高拱三人自然是不敢接话的,要知道眼前的这位可是明日的皇帝,要是今日犯了忌讳,这位殿下自然不会说什么不过当殿下成了陛下的时候,可就说不准了;因此他们三人都沉默着没有接话。
朱翊钧看着沉默的三人轻叹了一口气道
“走吧,去乾清宫。”说着对不知什么时候已经站在门外的冯保吩咐道
“去把母后和母妃一同请来,注意说辞。”说着迈步朝着乾清宫的方向走去。
三位阁臣自然是紧跟着朱翊钧一起离开了文渊阁。此时,整个北京城都已经被这带着浓浓哀伤的钟声搅的没有了睡意,大人们和大一点的孩子还好,因为六年前也是同样的钟声送走了以为英明无比却又挥霍无度的皇帝,现在这位开明却懒惰的皇帝再一次的伴随着悠远而又青冥的钟声离开了大明王朝,一时间整个京师陷入了寂静,就仿佛是时间之神轻轻的挥动着手中的法器将时间定格在了大明隆庆六年四月二十六日。
有经验的家户已经将放了六年的白幡取了出来,将白色布条轻轻地挂在自家门口向外人诉说着对于一位皇帝离去的哀伤,至于早有准备的官员,家中将早就准备好的祭奠之物取出摆放整齐,皇帝大行按祖制需全国戴孝七七四十九天,至于未来的国君因为由国家大事要处理,因此规定棺籽之前戴孝三九二十七天,并三月不得穿喜服(登基大典一般都是在丧期过了之后。

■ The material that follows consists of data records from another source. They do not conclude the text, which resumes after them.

Lemma mirror_entries :
  [/\ m11 Mt = m11 M, m22 Mt = m22 M, 'X * m12 Mt = - (u^*)%:P * m21 M
    & (u^*)%:P * m21 Mt = - 'X * m12 M].
Proof.
have Mt_rev : Mt = transfer (fun n => - u * (a (N - n.+1)%N)^*) N.
  by apply: eq_mprod => n lt_nN; rewrite /mirror lt_nN.
have d_neq0 : - u%:P * 'X != 0 :> {poly C}.
  by rewrite mulf_neq0 ?polyX_eq0 // oppr_eq0 polyC_eq0 -normr_eq0 a_N_unimodular oner_eq0.
have := mirror_transfer a N uu; rewrite -Mt_rev /mmul /mdiag /mtr /=.
rewrite !(mulr0, mul0r, mulr1, mul1r, addr0, add0r) => -[e11 e12 e21 e22].
split=> //.
- by apply: (mulIf d_neq0); rewrite e22 mulrC.
- transitivity ((u^*)%:P * u%:P * ('X * m12 Mt)); first by rewrite uU mul1r.
  by rewrite -e12; ring.
- by rewrite e21; transitivity (- ((u^*)%:P * u%:P) * ('X * m12 M)); [ring | rewrite uU; ring].
Qed.

Lemma mirror_szego_last : szego (mirror a N) N.+1 = szego a N.+1.
Proof.
have [e11 e22 e12 e21] := mirror_entries.
have [Phi_M Phis_M] := szego_transfer a N.
have [Phi_Mt Phis_Mt] := szego_transfer (mirror a N) N.
have mirror_N : mirror a N N = u by rewrite /mirror ltnn rmorphN1 mulrN1 opprK.
rewrite /= mirror_N Phis_Mt Phi_Mt Phis_M Phi_M -/M -/Mt -!mul_polyC -/u.
transitivity ('X * m11 Mt + 'X * m12 Mt - (u^*)%:P * m21 Mt - (u^*)%:P * m22 Mt); first by ring.
by rewrite e11 e22 e12 e21; ring.
Qed.

Lemma mirror_node (w : C) : `|w| = 1 -> root (szego a N.+1) w ->
  ((szego a N).[w])^* * (szego (mirror a N) N).[w] =
  \prod_(k < N) (1 - a k * (a k)^*).
Proof.
move=> w1 /rootP Pw0.
have [e11 _ e12 _] := mirror_entries.
have [Phi_M Phis_M] := szego_transfer a N.
have [Phi_Mt _] := szego_transfer (mirror a N) N.
have w_neq0 : w != 0 by rewrite -normr_eq0 w1 oner_eq0.
have XPhit : 'X * szego (mirror a N) N = 'X * m11 M - (u^*)%:P * m21 M.
  by rewrite Phi_Mt mulrDr e12 e11; ring.
set rho := \prod_(k < N) _.
set phi := (szego a N).[w]; set phit := (szego (mirror a N) N).[w].
set E11 := (m11 M).[w]; set E12 := (m12 M).[w].
set E21 := (m21 M).[w]; set E22 := (m22 M).[w].
have star_E : w ^+ N * phi^* = E21 + E22.
  by rewrite -revstar_eval ?size_szego // Phis_M hornerD.
have rec_w : u^* * (E21 + E22) = w * (E11 + E12).
  move: Pw0; rewrite [szego a N.+1]/= hornerD hornerN hornerZ hornerM hornerX.
  by rewrite Phis_M Phi_M !hornerD => /subr0_eq.
have Xphit_w : w * phit = w * E11 - u^* * E21.
  by have := congr1 (horner^~ w) XPhit; rewrite /= !(hornerM, hornerD, hornerN, hornerX, hornerC).
have det_w : E11 * E22 - E12 * E21 = w ^+ N * rho.
  by have := congr1 (horner^~ w) (mdet_transfer a N); rewrite /= hornerM hornerXn hornerC hornerD hornerN !hornerM.
apply: (mulfI (mulf_neq0 (expf_neq0 N w_neq0) w_neq0)).
transitivity ((w ^+ N * phi^*) * (w * phit)); first by ring.
rewrite star_E Xphit_w.
transitivity (w * E11 * (E21 + E22) - E21 * (u^* * (E21 + E22))); first by ring.
by rewrite rec_w; transitivity (w * (E11 * E22 - E12 * E21)); [ring | rewrite det_w; ring].
Qed.

End Mirror.

Unset Implicit Arguments.

Theorem corollary1 (C : numClosedFieldType) (N : nat) (z : 'I_N.+1 -> C)
    (a : nat -> C)
    (hz_circ : forall s, `|z s| = 1)
    (hz_dist : injective z)
    (hortho : forall n k : nat, (n <= N)%N -> (k < n)%N ->
        dinner z (szego a n) ('X^k) = 0)
    (ha_lt : forall k : nat, (k < N)%N -> `|a k| < 1)
    (ha_N : `|a N| = 1)
    (hlast : szego a N.+1 = \prod_(s < N.+1) ('X - (z s)%:P)) :
  szego (mirror a N) N.+1 = szego a N.+1 /\
  szego (mirror a N) N = (N.+1)%:R^-1 *: (szego a N.+1)^`().
Proof.
split; first exact: mirror_szego_last.
set P := szego a N.+1 in hlast *; set T := szego (mirror a N) N.
pose v s := ((szego a N).[z s])^*.
pose rho := \prod_(k < N) (1 - a k * (a k)^*).
have v_ann := ortho_annihilate (fun k => hortho N k (leqnn N)).
have v_P' := christoffel_const v_ann; rewrite -hlast in v_P'.
have vT s : v s * T.[z s] = rho.
  apply: (mirror_node ha_N (hz_circ s)).
  by rewrite -/P hlast /root (bigD1 s) //= hornerM hornerXsubC subrr mul0r.
pose c := v ord0 * P^`().[z ord0].
have cT : c *: T = rho *: P^`().
  apply: (poly_eq_at_nodes hz_dist) => [||s].
  - by rewrite (leq_trans (size_scale_leq _ _)) ?size_szego.
  - by rewrite (leq_trans (size_scale_leq _ _)) ?size_deriv_szego.
  by rewrite !hornerZ /c (v_P' ord0 s) -(vT s); ring.
apply: (deriv_proportional (szego_prod_neq0 ha_lt) _ _ cT); exact: coef_szego_top.
Qed.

)也就是说大明王朝三个月内是没有皇帝的,这时候内阁就会成为大明事实上的首脑。
乾清宫前,朱翊钧看着跪在两旁的官员们轻声道
“诸位都是三品以上的官员,也是国家的柱石就不要在这里抹眼泪了,难道你们不知道你们袖子上的姜味都熏到我了?”说着冷漠的从众人中间走了过去,待走到养心殿门前的时候重重的哼了一声才走了进去。
高拱、张居正和殷士詹都有些郁闷的看着更加郁闷的官员们,这些官员哪个不是经过一番厮杀才走上三品的?
对于刚才朱翊钧的话所有人都是一阵尴尬,毕竟有些话一旦说出来就显得无聊了,本来也没有人会犯众怒,不过说这句话的人确实未来的皇帝这也让很多人郁闷了,至于深知其中猫腻的三位阁臣却是对太子殿下丝毫面子不给的做派感到了一丝忧虑,因为半个世纪前也是有一名聪明而又不给大臣们面子的皇帝登上了皇位,他就是嘉靖皇帝。
朱翊钧轻轻地走进了养心殿,却听到了一丝低泣之声,他轻轻地吸了一口气然后对着早就候在养心殿的冯保道
“你倒是很快。”冯保也不敢说话只是低下了头,朱翊钧也没有理他而是轻轻地走进了西暖阁,这里躺着余温犹存的皇帝,和两位年纪轻轻就成为了寡妇的皇后和皇贵妃,朱翊钧看着低泣的母亲轻声请安道
“母后、母妃,儿子来了。”说着就缓缓地走向了李贵妃,李贵妃双手紧握着隆庆皇帝有些苍白的手也不回头轻声的说道
“翊钧,来看你父皇最后一眼吧。”朱翊钧只是点了点头然后走到了李贵妃身边看着已经闭上双眼的父皇对着李妃道
“母亲,逝者已矣,节哀吧。”李妃听了点了点头然后扭头看向陈皇后道
“姐姐,咱们该回去了。”,此时陈皇后仍然是那种波澜不惊的模样,不过眼角的湿润却怎么也没有将她的哀伤掩饰起来,陈皇后轻轻地点了一下头然后看着朱翊钧慈爱的说道
“翊钧,大明就靠你了。不要学你的父皇,那么早就把身体搞垮了,知道么?”朱翊钧笑着点了点头道
“母后放心吧,儿臣知道。”陈皇后这才放心的和李妃一起离开了养心殿。
过了一会儿,三位阁臣和冯保同时走了进来,朱翊钧看着他们轻声说道
“诸位,在这里最后的瞻仰一次天颜吧,就当是送送父皇。”说着走到了一旁,不过几位阁臣可都不是傻瓜,因此也都没有离得太近匆匆的看了一遍就回到了原处。
这时朱翊钧才开口道
“走吧,后面的事情交给他们这些奴婢来做吧,咱们道文渊阁说话去。”说着起身带头走了出去。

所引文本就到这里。